There are cases in which a chronic subdural hematoma on a CT scan image is missed.

How can this be?

“In general, some subdural hemorrhages can be particularly hard to see on CT because, as they age, their density can become almost the same as the surrounding normal cerebrospinal fluid,” says Resham Mendi, MD, a renowned expert in the field of medical imaging, and the medical director of Bright Light Medical Imaging.

“When the density is similar (isodense), the blood can blend with the adjacent normal fluid,” says Dr. Mendi.

I am reminded of a man I met at the gym who was in his late 60s. I noticed that one side of his body was disabled, though he was able to walk without assistance.

He made a comment on my lift, which then opened the door to me asking what had caused his disability.

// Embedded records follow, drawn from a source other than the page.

(* Let $B$ be a singleton board with $n$ columns, padded with columns of height zero on the left so that $\xi_m(B)=\langle z_1,\ldots,z_n\rangle$ has only non-negative entries. For each integer $k$ let $v_k$ be the number of entries of $\xi_m(B)$ equal to $k$, and let $M$ be the greatest integer with $v_M\ne0$. Let $S$ be the set of non-negative multiples of $m$ strictly less than $M$. Let $i$ be the least non-negative integer such that either $v_i>1$, or $v_i=1$ and $i$ is not a multiple of $m$. If $v_s\ge2$ for all $s\in S$ with $s>i$, then $B$ is connected by a sequence of edges in $G_m(B)$ to a board $B'$ with $m$-level root vector $\xi_m(B')=\langle 0,m,2m,\ldots,\lfloor M-1\rfloor_m,M,\ldots,z_n\rangle$; that is, the first $\frac{\lfloor M-1\rfloor_m}{m}+1$ entries of $\xi_m(B')$ are the non-negative multiples of $m$ from $0$ to $\lfloor M-1\rfloor_m$ in increasing order, and the next entry is the first occurrence of the value $M$.
   Context: Fix an integer $m>0$. A Ferrers board is given by a weakly increasing sequence of non-negative integers $B=(b_1,\ldots,b_n)$ of column heights (cells in column $i$, rows $1,\ldots,b_i$, of the first quadrant); prepending height-$0$ columns on the left does not change the board, and boards are compared with the same number of columns by such padding. The rows are partitioned into levels: level $t$ consists of rows $(t-1)m+1,\ldots,tm$. An $m$-level rook placement of $k$ rooks is a set of $k$ cells of $B$, no two in the same level or the same column; $r_{k,m}(B)$ is their number, and two boards are $m$-level rook equivalent if they have equal $r_{k,m}$ for all $k\ge0$. For an integer $o$, $\lfloor o\rfloor_m$ is the largest multiple of $m$ that is $\le o$. $B$ is singleton if for each $i<n$, $b_i-\lfloor b_i\rfloor_m\ne0$ implies $\lfloor b_i\rfloor_m<\lfloor b_{i+1}\rfloor_m$. The $m$-level root vector of $B$ is $\xi_m(B)=\langle 0-b_1,m-b_2,\ldots,m(n-1)-b_n\rangle$. The $m$-level rook equivalence graph $G_m(B)$ of a singleton board $B$ has as vertices all singleton boards $m$-level rook equivalent to $B$, and $\{B_1,B_2\}$ is an edge iff, written with the same number of columns, $B_1$ and $B_2$ differ in exactly two columns $i,j$, where $B_1$ has $k$ more cells than $B_2$ in column $i$ and $k$ fewer in column $j$, for some $k>0$. *)

From mathcomp Require Import all_boot all_order all_algebra.
From Stdlib Require Import Relations.
Set Implicit Arguments. Unset Strict Implicit. Unset Printing Implicit Defensive.
Import Order.TTheory GRing.Theory Num.Theory.
Local Open Scope ring_scope.

(* A board is a weakly increasing sequence of column heights (b_1,...,b_n),
   stored as a seq nat; column j (0-indexed) has cells in rows 1..nth 0 B j. *)
Definition is_board (B : seq nat) : Prop := sorted leq B.

Definition floorm (m : nat) (o : int) : int := o - (o %% m%:Z)%Z.

Definition singleton (m : nat) (B : seq nat) : Prop :=
  forall i : nat, (i.+1 < size B)%N ->
    (nth 0%N B i)%:Z - floorm m (nth 0%N B i)%:Z != 0 ->
    floorm m (nth 0%N B i)%:Z < floorm m (nth 0%N B i.+1)%:Z.

(* cells: (column c, row r+1) encoded as (c, r) with 0-indexed r;
   sumn B bounds every column height. *)
Definition cell_in (B : seq nat) (c : 'I_(size B) * 'I_(sumn B)) : bool :=
  (c.2 < nth 0%N B c.1)%N.
Lemma Rbar_inf_pos_bound E :
  ~ Rbar_le (Rbar_inf E) (Fin 0) ->
  exists b, b > 0 /\ forall v, E v -> Rbar_le (Fin b) v.
Proof.
  pose proof (proj1 (Rbar_inf_spec E)) as Hlow.
  destruct (Rbar_inf E) as [r| |]; simpl; intros Hpos; [| | tauto].
  - exists r. split; [lra | exact Hlow].
  - exists 1. split; [lra |].
    intros v Hv. specialize (Hlow v Hv). destruct v; simpl in *; tauto.
Qed.

Lemma quadratic_nonneg_discr a b c :
  0 <= c -> (forall s, 0 <= a + 2 * s * b + s * s * c) -> b * b <= a * c.
Proof.
  intros Hc Hq. destruct (Req_dec c 0) as [-> | Hc0].
  - destruct (Req_dec b 0) as [-> | Hb0]; [lra |].
    specialize (Hq (- (a + 1) / (2 * b))).
    replace (a + 2 * (- (a + 1) / (2 * b)) * b + _ * _ * 0) with (-1) in Hq
      by (field; exact Hb0).
    lra.
  - specialize (Hq (- b / c)).
    replace (a + 2 * (- b / c) * b + - b / c * (- b / c) * c) with (a - b * b / c) in Hq
      by (field; exact Hc0).
    replace (b * b) with (b * b / c * c) by (field; exact Hc0).
    apply Rmult_le_compat_r; lra.
Qed.

Section HilbertGeometry.
Variable H : Hilbert.

Lemma hinner_add_r (x y z : H) : hinner H x (hadd H y z) = hinner H x y + hinner H x z.
Proof. rewrite !(hinner_sym H x). apply hinner_add_l. Qed.
(* Let ${\mathsf q}$ be a prime power, $t\in\{0,\ldots,{\mathsf K}-1\}$, $\mathbb{D}\in\mathbb{F}_{\mathsf q}^{{\mathsf K}\times{\mathsf N}}$, $\mathcal L$ a leader set, and $\mathcal A\subseteq[{\mathsf K}]\setminus\mathcal L$ with $|\mathcal A|=t+1$. Then, for every choice of the subfiles $F_{i,\mathcal W}$, $$W_{\mathcal A}=\sum_{\substack{\mathcal S\subseteq\mathcal A\cup\mathcal L:\ |\mathcal S|=t+1,\ \mathcal S\neq\mathcal A}}\beta_{\mathcal A,\mathcal S}\,W_{\mathcal S},\qquad \beta_{\mathcal A,\mathcal S}=(-1)^{1+\mathrm{Tot}(\overline{\mathrm{Ind}}_{\mathcal S})}\det\!\big(\mathbb{D}'_{\mathcal A\setminus\mathcal S,\ \mathrm{Ind}_{\mathcal S}}\big).$$ In particular every message $W_{\mathcal S}$ on the right-hand side satisfies $\mathcal S\cap\mathcal L\neq\emptyset$.
   Context: Notation: sets of integers are listed increasingly, $\mathcal S(1)<\mathcal S(2)<\cdots$. $\mathbb{D}$ has rows $\mathbf y_k=(y_{k,1},\ldots,y_{k,{\mathsf N}})$. A leader set is $\mathcal L\subseteq[{\mathsf K}]$ with $|\mathcal L|=\mathrm{rank}_{\mathsf q}(\mathbb{D}_{\mathcal L})=\mathrm{rank}_{\mathsf q}(\mathbb{D})$, where $\mathbb{D}_{\mathcal L}$ is the submatrix of rows in $\mathcal L$. For each $k\in[{\mathsf K}]$ let $\mathbf x_k=(x_{k,1},\ldots,x_{k,|\mathcal L|})\in\mathbb{F}_{\mathsf q}^{|\mathcal L|}$ be the unique vector with $\mathbf y_k=\sum_{j}x_{k,j}\mathbf y_{\mathcal L(j)}$, and let $\mathbb{D}'$ be the ${\mathsf K}\times|\mathcal L|$ matrix with rows $\mathbf x_k$. Subfiles $F_{i,\mathcal W}\in\mathbb{F}_{\mathsf q}^{\ell}$ for $i\in[{\mathsf N}]$, $\mathcal W\subseteq[{\mathsf K}]$, $|\mathcal W|=t$. Blocks $B_{k,\mathcal W}=\sum_n y_{k,n}F_{n,\mathcal W}$. For $\mathcal S\subseteq[{\mathsf K}]$, $|\mathcal S|=t+1$, let $\mathcal L_{\mathcal S}=\mathcal S\cap\mathcal L$, $\mathcal N_{\mathcal S}=\mathcal S\setminus\mathcal L$, and $W_{\mathcal S}=\sum_{i\in[|\mathcal L_{\mathcal S}|]}(-1)^{i-1}B_{\mathcal L_{\mathcal S}(i),\mathcal S\setminus\{\mathcal L_{\mathcal S}(i)\}}+\sum_{j\in[|\mathcal N_{\mathcal S}|]}(-1)^{j-1}B_{\mathcal N_{\mathcal S}(j),\mathcal S\setminus\{\mathcal N_{\mathcal S}(j)\}}$. For $\mathcal S\subseteq\mathcal A\cup\mathcal L$: $\mathrm{Ind}_{\mathcal S}=\{i\in[|\mathcal L|]:\mathcal L(i)\in\mathcal S\}$, $\overline{\mathrm{Ind}}_{\mathcal S}=\{i\in[t+1]:\mathcal A(i)\notin\mathcal S\}$, and $\mathrm{Tot}(\mathcal X)$ is the sum of the elements of $\mathcal X$. When $|\mathcal S|=t+1$, $|\mathcal A\setminus\mathcal S|=|\mathrm{Ind}_{\mathcal S}|$, and $\mathbb{D}'_{\mathcal A\setminus\mathcal S,\mathrm{Ind}_{\mathcal S}}$ is the square submatrix of $\mathbb{D}'$ with rows indexed by $\mathcal A\setminus\mathcal S$ and columns indexed by $\mathrm{Ind}_{\mathcal S}$, both taken in increasing order. *)

From HB Require Import structures.
From mathcomp Require Import all_boot all_order all_algebra all_field.
Set Implicit Arguments. Unset Strict Implicit. Unset Printing Implicit Defensive.
Import GRing.Theory.
Local Open Scope ring_scope.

He told me he’d fallen backwards while sitting in a chair at a computer and slammed his head on the floor.

About 30 days later he began having concerning symptoms, went to the ER and had a CT scan of his head. It came back normal.

However, the symptoms only grew worse, and about 30 days after the first CT scan he had another, and this time it showed a chronic subdural hematoma.

When that second CT scan was compared to the first, the bleeding was only then identified on the first image.

At that point it was established that whoever read the first CT scan had missed the chronic subdural hematoma.

As a consequence of delayed treatment (which would have entailed surgical draining of the excess fluid), the man suffered permanent mobility problems on one side of his body.

There is no data on what percentage of CT scans for a suspected chronic subdural hematoma are missed.

But there are times when they are missed in symptomatic patients.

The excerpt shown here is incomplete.